- [DIRECTIONS FOR THIS TASK]
Return only that part of the material below which starts with the line containing "Context: For $a=0$" and goes on through the line containing "Definition in_Iminus (x", restated exactly.

===============

(* Let $a\ge 0$ and, for $x_i\in\mathbb{R}$, let $P_\pm^a(x_i)$ be the smallest $x>x_i$ at which the solution $Y_\pm$ of $y'=-ay-\sin(\pi\omega_\pm x)$, $Y_\pm(x_i)=0$, vanishes, where $\omega_+=3/2$, $\omega_-=1/2$. Let $P(x,a)=P_+^a(P_-^a(x))$, $I_-=(0,\tfrac23)$ and $\Delta(x,a)=P(x,a)-(x+4)$. Then there exists $a_l>0$ (small) such that the roots of $\Delta(x,a)=0$ define a function $x=x(a)$ for all $a\in(0,a_l)$, which satisfies $x(0)=x_0$, where $x_0\in I_-$ is a solution of $$\frac{32}{9\pi}+\frac{2x_0}{3}\cot\frac{3\pi x_0}{2}+(4-2x_0)\cot\frac{\pi x_0}{2}=0.$$
   Context: For $a=0$ the maps are $P_\pm^0(x_i)=\frac{2}{\omega_\pm}\left(1+\lfloor\omega_\pm x_i\rfloor\right)-x_i$, so that $P(x,0)=x+4$ for $x\in I_-$. The map $P(\cdot,a)$ is the return map of the piecewise system $\dot y=-ay-\sin(\pi\omega x)$ with $\omega=3/2$ for $y>0$ and $\omega=1/2$ for $y<0$, for an orbit leaving $y=0$ into $y<0$ at $x$, returning to $y=0$, then traversing $y>0$ and returning to $y=0$. *)

From Stdlib Require Import Reals Lra.
From Coquelicot Require Import Coquelicot.
Open Scope R_scope.

Definition omega_plus : R := 3/2.
Definition omega_minus : R := 1/2.

Definition cot (x : R) : R := cos x / sin x.

Definition is_sol (w a xi : R) (Y : R -> R) : Prop :=
  Y xi = 0 /\ forall t, is_derive Y t (- a * Y t - sin (PI * w * t)).

(* xr = P_w^a(xi): the smallest x > xi at which the solution vanishes.
   (Relational form; the solution of the linear IVP is unique, and the
   smallest zero, when it exists, is unique.) *)
Definition Pmap (w a xi xr : R) : Prop :=
  exists Y, is_sol w a xi Y /\ xi < xr /\ Y xr = 0 /\
            forall t, xi < t < xr -> Y t <> 0.

Definition Pfull (x a y : R) : Prop :=
  exists x1, Pmap omega_minus a x x1 /\ Pmap omega_plus a x1 y.

Definition Delta_root (x a : R) : Prop := Pfull x a (x + 4).

Definition in_Iminus (x : R) : Prop := 0 < x < 2/3.

Definition x0_equation (x0 : R) : Prop :=
  32 / (9 * PI) + (2 * x0 / 3) * cot (3 * PI * x0 / 2)
    + (4 - 2 * x0) * cot (PI * x0 / 2) = 0.

From Stdlib Require Import Reals Lra Ranalysis5 ClassicalEpsilon.
From Coquelicot Require Import Coquelicot.
Open Scope R_scope.

(* The solution of [y' = -a y - sin (k t)] vanishing at [xi] is
   [e^{-at} (W(t) - W(xi)) / (a^2 + k^2)], where [W(t) = e^{at} (k cos kt - a sin kt)] has
   derivative [-(a^2 + k^2) e^{at} sin kt]; so the return points are where [W] comes back to
   the level [W(xi)], and they are located by the monotonicity of [W] between zeros of sin.
   Both frequencies have a period dividing 4, so [W(x + 4) = e^{4a} W(x)] and
   [W(4 - z) = e^{4a} W_{-a}(z)], and [Delta(x, a) = 0] becomes the pair of equations
   [g_-(x, a, z) = 0 = g_+(x, a, z)] in the unknown [z = 4 - P_-(x)]. Each equation alone has
   a unique root [Z_-(x, a)], resp. [Z_+(x, a)], continuous in [(x, a)] and equal to
   [x + a v_-(x) + o(a)], resp. [x + a v_+(x) + o(a)], with [v_- - v_+ = (2 / pi) F] for the
   left-hand side [F] of the equation for [x0]. Hence for small [a > 0] the gap [Z_- - Z_+]
   changes sign in [x] across the zero [x0] of [F], and its zero [x(a)] solves
   [Delta(x(a), a) = 0]. There is no other solution near [x0] because [g_-] decreases and
   [g_+] increases along diagonals [(x + s, z + s)], and the persistence of the sign change
   makes [x(a)] continuous. *)

Lemma strict_incr_of_deriv (f df : R -> R) l u :
  (forall x, l <= x <= u -> is_derive f x (df x)) -> (forall x, l < x < u -> 0 < df x) ->
  forall x y, l <= x -> x < y -> y <= u -> f x < f y.
Proof.
  intros Hd Hpos x y Hx Hxy Hy.
  destruct (MVT_cor2 f df x y Hxy) as [c [Hfc Hc]].
  - intros c Hc. apply is_derive_Reals, Hd. lra.
  - assert (0 < df c) by (apply Hpos; lra). nra.
Qed.

Lemma strict_decr_of_deriv (f df : R -> R) l u :
  (forall x, l <= x <= u -> is_derive f x (df x)) -> (forall x, l < x < u -> df x < 0) ->
  forall x y, l <= x -> x < y -> y <= u -> f y < f x.
Proof.
  intros Hd Hneg x y Hx Hxy Hy.
  assert (H : - f x < - f y).
  { apply (strict_incr_of_deriv (fun t => - f t) (fun t => - df t) l u); auto.
    - intros t Ht. apply (is_derive_opp f t (df t)), Hd; lra.
    - intros t Ht. specialize (Hneg t Ht). lra. }
  lra.
Qed.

===============

- [SOLUTION TO THIS TASK]
   Context: For $a=0$ the maps are $P_\pm^0(x_i)=\frac{2}{\omega_\pm}\left(1+\lfloor\omega_\pm x_i\rfloor\right)-x_i$, so that $P(x,0)=x+4$ for $x\in I_-$. The map $P(\cdot,a)$ is the return map of the piecewise system $\dot y=-ay-\sin(\pi\omega x)$ with $\omega=3/2$ for $y>0$ and $\omega=1/2$ for $y<0$, for an orbit leaving $y=0$ into $y<0$ at $x$, returning to $y=0$, then traversing $y>0$ and returning to $y=0$. *)

From Stdlib Require Import Reals Lra.
From Coquelicot Require Import Coquelicot.
Open Scope R_scope.

Definition omega_plus : R := 3/2.
Definition omega_minus : R := 1/2.

Definition cot (x : R) : R := cos x / sin x.

Definition is_sol (w a xi : R) (Y : R -> R) : Prop :=
  Y xi = 0 /\ forall t, is_derive Y t (- a * Y t - sin (PI * w * t)).

(* xr = P_w^a(xi): the smallest x > xi at which the solution vanishes.
   (Relational form; the solution of the linear IVP is unique, and the
   smallest zero, when it exists, is unique.) *)
Definition Pmap (w a xi xr : R) : Prop :=
  exists Y, is_sol w a xi Y /\ xi < xr /\ Y xr = 0 /\
            forall t, xi < t < xr -> Y t <> 0.

Definition Pfull (x a y : R) : Prop :=
  exists x1, Pmap omega_minus a x x1 /\ Pmap omega_plus a x1 y.

Definition Delta_root (x a : R) : Prop := Pfull x a (x + 4).

Definition in_Iminus (x : R) : Prop := 0 < x < 2/3.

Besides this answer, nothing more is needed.